In Japan, ambroxol is not available for intravenous use, and it was prescribed to only 25% of patients who had an early prescription of mucoactive agents in this study. In a conference proceeding, it was reported that intravenous ambroxol shortened the duration of mechanical ventilation and ICU stay by 2.0 days in an RCT of 68 patients with acute respiratory distress syndrome (13). In the present study, the smaller number of patients to whom ambroxol was prescribed, the delivery route, and the administered dose and duration differed from the previous study, which may have failed to prove any benefit. The bioavailability of ambroxol after oral administration is above 70%, which is not poor (14), but the dose in the RCT was significantly high. Carbocisteine was the most commonly used mucoactive agent in our study. Carbocisteine was used in 16% of ventilated patients in ICUs in the United Kingdom (3). Despite its widespread use, evidence on carbocisteine in ventilated patients is lacking (7). We performed a sensitivity analysis of carbocisteine and found no difference in both VFDs and ICU-free days compared with the on-demand mucoactive agent group (Table 4).
There are several strengths to this study. To our knowledge, this is the first study to compare an early vs. on-demand use of mucoactive agents in mechanically ventilated patients. Previous studies mainly compared mucoactive agents vs placebo with a meta-analysis showing no difference in mortality or duration of mechanical ventilation but an improvement in ICU length of stay (7). Our study used a clinically relevant endpoint of ventilator-free days and used propensity matching to reduce the risk of confounding in this non-randomized study. Especially given the heterogeneity of patients included in our study.

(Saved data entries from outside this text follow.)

Lemma opnorm_half_gram X P Ps Q Qs (a b : R) : 0 <= a -> 0 <= b ->
  is_adjoint ip P Ps -> is_adjoint ip Q Qs -> op_le P a -> op_le Q b ->
  (forall x, X x + X x = Ps (P x) + Qs (Q x)) ->
  opnorm ip X <= (a ^+ 2 + b ^+ 2) / 2.
Proof.
move=> a0 b0 adjP adjQ hP hQ eX.
have gram_le T Ts c : is_adjoint ip T Ts -> 0 <= c -> op_le T c ->
    op_le (fun x => Ts (T x)) (c ^+ 2).
  move=> adj c0 hT x; apply: le_trans (adjoint_le adj c0 hT _) _.
  by rewrite expr2 -mulrA ler_wpM2l.
by apply: opnorm_half eX (gram_le _ _ _ _ _ _) (gram_le _ _ _ _ _ _); rewrite ?sqr_ge0.
Qed.

End Operators.

Section NumericalRadius.
Variable R : realType.
Variable V : lmodType R[i].
Variable ip : V -> V -> R[i].
Hypothesis hip : is_inner_product ip.
Variable A : V -> V.
Hypothesis linA : linear_op A.
Hypothesis bA : op_bounded ip A.
Local Notation N := (hnorm ip).
Local Notation w := (numrad ip N A).
Local Open Scope classical_set_scope.

Let values := [set cabs (ip (A x) x) | x in [set x | N x = 1]].

Lemma numrad_values_ub : has_ubound values.
Proof.
case: bA => M M0 hA; exists (2 * M) => _ [x /= x1 <-].
apply: le_trans (cabs_ip_le hip _ _) _.
by rewrite x1 mulr1 ler_wpM2l // -[leRHS]mulr1 -x1 hA.
Qed.

Lemma numrad_ge0 : 0 <= w.
Proof.
have [[y vy]|empty] := pselect (values !=set0).
  apply: le_trans (ub_le_sup numrad_values_ub vy).
  by case: vy => x _ <-; apply: cabs_ge0.
suff empty_values : values = set0 by rewrite /numrad -/values empty_values sup0.
by apply/seteqP; split => // y vy; apply: empty; exists y.
Qed.

Lemma numrad_le x : cabs (ip (A x) x) <= w * sqnorm ip x.
Proof.
have [->|x0] := eqVneq x 0.
  by rewrite (ip0r hip) cabs0 mulr_ge0 ?numrad_ge0 ?sqnorm_ge0.
have pos := hnorm_gt0 hip x0; set t := (N x)^-1.
have t0 : 0 <= t by rewrite invr_ge0 ltW.
have tN : t * N x = 1 by rewrite mulVf ?gt_eqF.
have : cabs (ip (A (t%:C *: x)) (t%:C *: x)) <= w.
  rewrite /numrad -/values; apply: (ub_le_sup numrad_values_ub); exists (t%:C *: x) => //=.
  by rewrite (hnormZ hip) cabs_realC ger0_norm.
rewrite (linear_opZ linA) (ipZl hip) (ipZr hip) conjC_realC mulrA -rmorphM /=.
rewrite cabsM cabs_realC ger0_norm ?mulr_ge0 // -(hnorm_sq hip) => h.
have unit : t * t * cabs (ip (A x) x) * N x ^+ 2 = cabs (ip (A x) x).
  by rewrite -[RHS]mul1r -(expr1n _ 2) -tN; ring.
by rewrite -unit ler_wpM2r ?sqr_ge0.
Qed.

End NumericalRadius.

Section DirectSum.
Variable R : realType.
Variable H : lmodType R[i].
Variable ip : H -> H -> R[i].
Hypothesis hip : is_inner_product ip.
Local Notation N := (hnorm ip).
Local Notation N2 := (hnorm (ip2 ip)).

Lemma ip2_inner_product : is_inner_product (ip2 ip).
Proof.
have [_ _ ge0 def0] := hip; split.
- by move=> a x y z; rewrite /ip2 /= !(ipDl hip) !(ipZl hip) mulrDr addrACA.
- by move=> x y; rewrite /ip2 rmorphD /= -!(ipC hip).
- by move=> x; rewrite /ip2 addr_ge0.
- case=> x1 x2; rewrite /ip2 /= => /eqP; rewrite paddr_eq0 // => /andP[/eqP ? /eqP ?].
  by congr (_, _); apply: def0.
Qed.

Lemma hnorm2_sq x : N2 x ^+ 2 = N x.1 ^+ 2 + N x.2 ^+ 2.
Proof. by rewrite (hnorm_sq ip2_inner_product) !(hnorm_sq hip) /sqnorm raddfD. Qed.

Lemma opmx_linear B C : linear_op B -> linear_op C ->
  linear_op (opmx (@opzero R H) B C (@opzero R H)).
Proof.
move=> linB linC a x y; rewrite /opmx /opzero /= !add0r !addr0.
by rewrite linB linC.
Qed.

Lemma opmx_bounded B C : op_bounded ip B -> op_bounded ip C ->
  op_bounded (ip2 ip) (opmx (@opzero R H) B C (@opzero R H)).
Proof.
case=> b b0 hB [c c0 hC]; exists (b + c) => [|x]; first exact: addr_ge0.
set T := opmx _ B C _.
rewrite -ler_sqr ?nnegrE ?hnorm_ge0 ?mulr_ge0 ?addr_ge0 ?hnorm_ge0 //.
rewrite exprMn !hnorm2_sq /T /opmx /opzero /= add0r addr0.
have sqB : N (B x.2) ^+ 2 <= (b * N x.2) ^+ 2.
  by rewrite lerXn2r ?nnegrE ?hnorm_ge0 ?mulr_ge0 ?hnorm_ge0.
have sqC : N (C x.1) ^+ 2 <= (c * N x.1) ^+ 2.
  by rewrite lerXn2r ?nnegrE ?hnorm_ge0 ?mulr_ge0 ?hnorm_ge0.
have hb : (b * N x.2) ^+ 2 <= ((b + c) * N x.2) ^+ 2.
  by rewrite !exprMn ler_wpM2r ?sqr_ge0 // lerXn2r ?nnegrE ?addr_ge0 // lerDl.
have hc : (c * N x.1) ^+ 2 <= ((b + c) * N x.1) ^+ 2.
  by rewrite !exprMn ler_wpM2r ?sqr_ge0 // lerXn2r ?nnegrE ?addr_ge0 // lerDr.
rewrite !exprMn in hb hc; lra.
Qed.

End DirectSum.

Lemma max_sq_add_mul_le (F : realFieldType) (p m w : F) : 0 <= p -> 0 <= m ->
  p <= 2 * w -> m <= 2 * w -> Num.max (p ^+ 2) (m ^+ 2) + p * m <= 8 * w ^+ 2.
Proof.
move=> p0 m0 pw mw; have maxle : Num.max (p ^+ 2) (m ^+ 2) <= 4 * w ^+ 2.
  by rewrite ge_max; apply/andP; split; nra.
have : p * m <= 4 * w ^+ 2 by nra.
lra.
Qed.

Lemma sum_sq_le_max_sq_add_mul (F : realFieldType) (p m : F) : 0 <= p -> 0 <= m ->
  p ^+ 2 + m ^+ 2 <= Num.max (p ^+ 2) (m ^+ 2) + p * m.
Proof.
move=> p0 m0; have [pm|mp] := leP p m.
  have : m ^+ 2 <= Num.max (p ^+ 2) (m ^+ 2) by rewrite le_max lexx orbT.
  have : p * p <= p * m by rewrite ler_wpM2l.
  by rewrite expr2; lra.
have : p ^+ 2 <= Num.max (p ^+ 2) (m ^+ 2) by rewrite le_max lexx.
have : m * m <= p * m by rewrite ler_wpM2r // ltW.
by rewrite expr2; lra.
Qed.

(** [2 (a + d) = ((a + b) + (c + d)) + ((a - b) - (c - d))]: the algebra behind
    [2 (Bs B + C Cs) = (Bs + C)(B + Cs) + (Bs - C)(B - Cs)]. *)
Lemma double_sum_diff (M : zmodType) (a b c d : M) :
  (a + d) + (a + d) = (a + b + (c + d)) + ((a - b) - (c - d)).
Proof.
rewrite opprB addrACA [RHS]addrACA [a + b + _]addrACA subrr addr0.
by rewrite [c + d]addrC [d + c + _]addrACA subrr addr0.
Qed.

Section OffDiagonal.
Variable R : realType.
Variable H : lmodType R[i].
Variable ip : H -> H -> R[i].
Hypothesis hip : is_inner_product ip.
Variables B C Bs Cs : H -> H.
Hypotheses (linB : linear_op B) (linC : linear_op C).
Hypotheses (bB : op_bounded ip B) (bC : op_bounded ip C).
Hypotheses (adjB : is_adjoint ip B Bs) (adjC : is_adjoint ip C Cs).
Local Notation N := (hnorm ip).
Local Notation Re := complex.Re.
Local Notation w := (numrad (ip2 ip) (hnorm (ip2 ip)) (opmx (@opzero R H) B C (@opzero R H))).
Local Notation p := (opnorm ip (opadd B Cs)).
Local Notation m := (opnorm ip (opsub B Cs)).

Let linBs : linear_op Bs := adjoint_linear hip adjB.
Let linCs : linear_op Cs := adjoint_linear hip adjC.
Let adjCs : is_adjoint ip Cs C := adjoint_sym hip adjC.
Let bCs : op_bounded ip Cs.
Proof. by case: bC => c c0 hC; exists c; last exact: adjoint_le adjC c0 hC. Qed.
Let adjP : is_adjoint ip (opadd B Cs) (opadd Bs C) := adjoint_add hip adjB adjCs.
Let adjQ : is_adjoint ip (opsub B Cs) (opsub Bs C) := adjoint_sub hip adjB adjCs.
Let boundP : op_le ip (opadd B Cs) p :=
  opnorm_op_le hip (linear_op_add linB linCs) (op_bounded_add hip bB bCs).
Let boundQ : op_le ip (opsub B Cs) m :=
  opnorm_op_le hip (linear_op_sub linB linCs) (op_bounded_sub hip bB bCs).
Let p0 : 0 <= p := opnorm_ge0 hip (op_bounded_add hip bB bCs).
Let m0 : 0 <= m := opnorm_ge0 hip (op_bounded_sub hip bB bCs).

Lemma offdiag_numrad_ge0 : 0 <= w.
Proof. exact: (numrad_ge0 (ip2_inner_product hip) (opmx_bounded hip bB bC)). Qed.

(** The quadratic form of [[0 B; C 0]] at [(u, z)] is [<B z, u> + <u, Cs z>]. *)
Lemma offdiag_form_le u z :
  cabs (ip (B z) u + ip u (Cs z)) <= w * (sqnorm ip u + sqnorm ip z).
Proof.
have := numrad_le (ip2_inner_product hip) (opmx_linear linB linC)
  (opmx_bounded hip bB bC) (u, z).
by rewrite /ip2 /opmx /opzero /= add0r addr0 adjC /sqnorm raddfD.
Qed.

Lemma offdiag_form_le_unit u z : N u <= 1 -> N z <= 1 ->
  cabs (ip (B z) u + ip u (Cs z)) <= 2 * w.
Proof.
move=> u1 z1; apply: le_trans (offdiag_form_le u z) _.
have sq_le1 v : N v <= 1 -> sqnorm ip v <= 1.
  by move=> v1; rewrite -(hnorm_sq hip) expr_le1 ?hnorm_ge0.
rewrite mulrC ler_wpM2r ?offdiag_numrad_ge0 //.
by have := sq_le1 _ u1; have := sq_le1 _ z1; lra.
Qed.

(** [||B + Cs|| <= 2 w]: test [(B + Cs) z] against a unit vector norming it. *)
Lemma opnorm_add_adjoint_le : p <= 2 * w.
Proof.
apply: (opnorm_le hip) => z z1; have [u u1 <-] := hnorm_attained hip (opadd B Cs z).
rewrite /opadd (ipDl hip) raddfD /= (Re_ipC hip (Cs z)) -raddfD /=.
exact: le_trans (Re_le_cabs _) (offdiag_form_le_unit u1 z1).
Qed.

(** [||B - Cs|| <= 2 w]: the same with the test vector rotated by [-i]. *)
Lemma opnorm_sub_adjoint_le : m <= 2 * w.
Proof.
apply: (opnorm_le hip) => z z1; have [u u1 <-] := hnorm_attained hip (opsub B Cs z).
have rotate : ip (B z) (- 'i%C *: u) + ip (- 'i%C *: u) (Cs z)
    = 'i%C * (ip (B z) u - ip u (Cs z)).
  by rewrite (ipZr hip) (ipZl hip) rmorphN /= conjC_iC opprK; ring.
have : cabs (ip (B z) (- 'i%C *: u) + ip (- 'i%C *: u) (Cs z)) <= 2 * w.
  by apply: offdiag_form_le_unit; rewrite // (hnormZ hip) cabs_NiC mul1r.
rewrite rotate cabsM cabs_iC mul1r; apply: le_trans.
by rewrite /opsub (ipBl hip) raddfB /= (Re_ipC hip (Cs z)) -raddfB /= Re_le_cabs.
Qed.

Lemma first_inequality : 8^-1 * (Num.max (p ^+ 2) (m ^+ 2) + p * m) <= w ^+ 2.
Proof.
rewrite ler_pdivrMl //.
exact: max_sq_add_mul_le p0 m0 opnorm_add_adjoint_le opnorm_sub_adjoint_le.
Qed.

(** [2 (Bs B + C Cs) = (Bs + C)(B + Cs) + (Bs - C)(B - Cs)], where [Bs + C]
    and [Bs - C] are the adjoints of [B + Cs] and [B - Cs];
    hence [||Bs B + C Cs|| <= (p^2 + m^2) / 2]. *)
Lemma opnorm_gram_le : opnorm ip (opadd (opcomp Bs B) (opcomp C Cs)) <= (p ^+ 2 + m ^+ 2) / 2.
Proof.
apply: (opnorm_half_gram hip p0 m0 adjP adjQ boundP boundQ) => x.
rewrite /opadd /opsub /opcomp (linear_opD linBs) (linear_opD linC).
by rewrite (linear_opB linBs) (linear_opB linC); apply: double_sum_diff.
Qed.

(** Symmetrically [2 (B Bs + Cs C) = (B + Cs)(Bs + C) + (B - Cs)(Bs - C)],
    where [||Bs + C|| <= p] and [||Bs - C|| <= m] by passing to adjoints. *)
Lemma opnorm_cogram_le :
  opnorm ip (opadd (opcomp B Bs) (opcomp Cs C)) <= (p ^+ 2 + m ^+ 2) / 2.
Proof.
apply: (opnorm_half_gram hip p0 m0 (adjoint_sym hip adjP) (adjoint_sym hip adjQ)
  (adjoint_le hip adjP p0 boundP) (adjoint_le hip adjQ m0 boundQ)) => x.
rewrite /opadd /opsub /opcomp (linear_opD linB) (linear_opD linCs).
by rewrite (linear_opB linB) (linear_opB linCs); apply: double_sum_diff.
Qed.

This study had some limitations. First, there was no information about whether a heated humidifier (HH) or a heat and moisture exchanger (HME) was used in the patients’ ventilator circuits. Humidification of air is routinely performed during mechanical ventilation to prevent problems such as airway obstruction and drop in body temperature (15). Humidification methods include HH, an active form of humidification, and HME, a passive form of humidification. HMEs have lower humidification levels than HHs and are associated with increased airway obstruction (16). Nevertheless, a meta-analysis found no difference in mortality, pneumonia incidence, or artificial airway occlusion (17), and the method of airway humidification had little effect on the duration of mechanical ventilation and length of ICU stay. Thus, the lack of information regarding HH or HME use might have limited impacts on our study findings. Second, the patients in the early prescribing group were included regardless of the details of their prescriptions (number or type of mucoactive agents) as long as they were within 3 days of ICU admission. However, different mucoactive agents may exert different effects. Further studies are needed for each mucoactive agent individually, to examine the impact of the number or type of mucoactive agents on airway secretions (in mechanically ventilated patients). Third, we had no information on whether the patients had been taking mucoactive agents before ICU admission, and we could not assess the effect of any preceding mucoactive drugs. Fourth, we did not adjust for the patients’ respiratory status or ventilator settings in the analysis. However, the patient’s disease, comorbidities, and severity scores at admission were used to calculate the propensity score, adjusting for indication bias. Fifth, we did not assess the incidence of ventilator-associated pneumonia (VAP). However, the international consensus on core outcome sets for critical care ventilation trials does not include VAP (18). Furthermore, VAP occurs after prolonged ventilation or following inadequate management of airway clearance in the presence of a tracheal tube (19). Accordingly, we considered VAP to be an intermediate variable and did not adjust for it in our study.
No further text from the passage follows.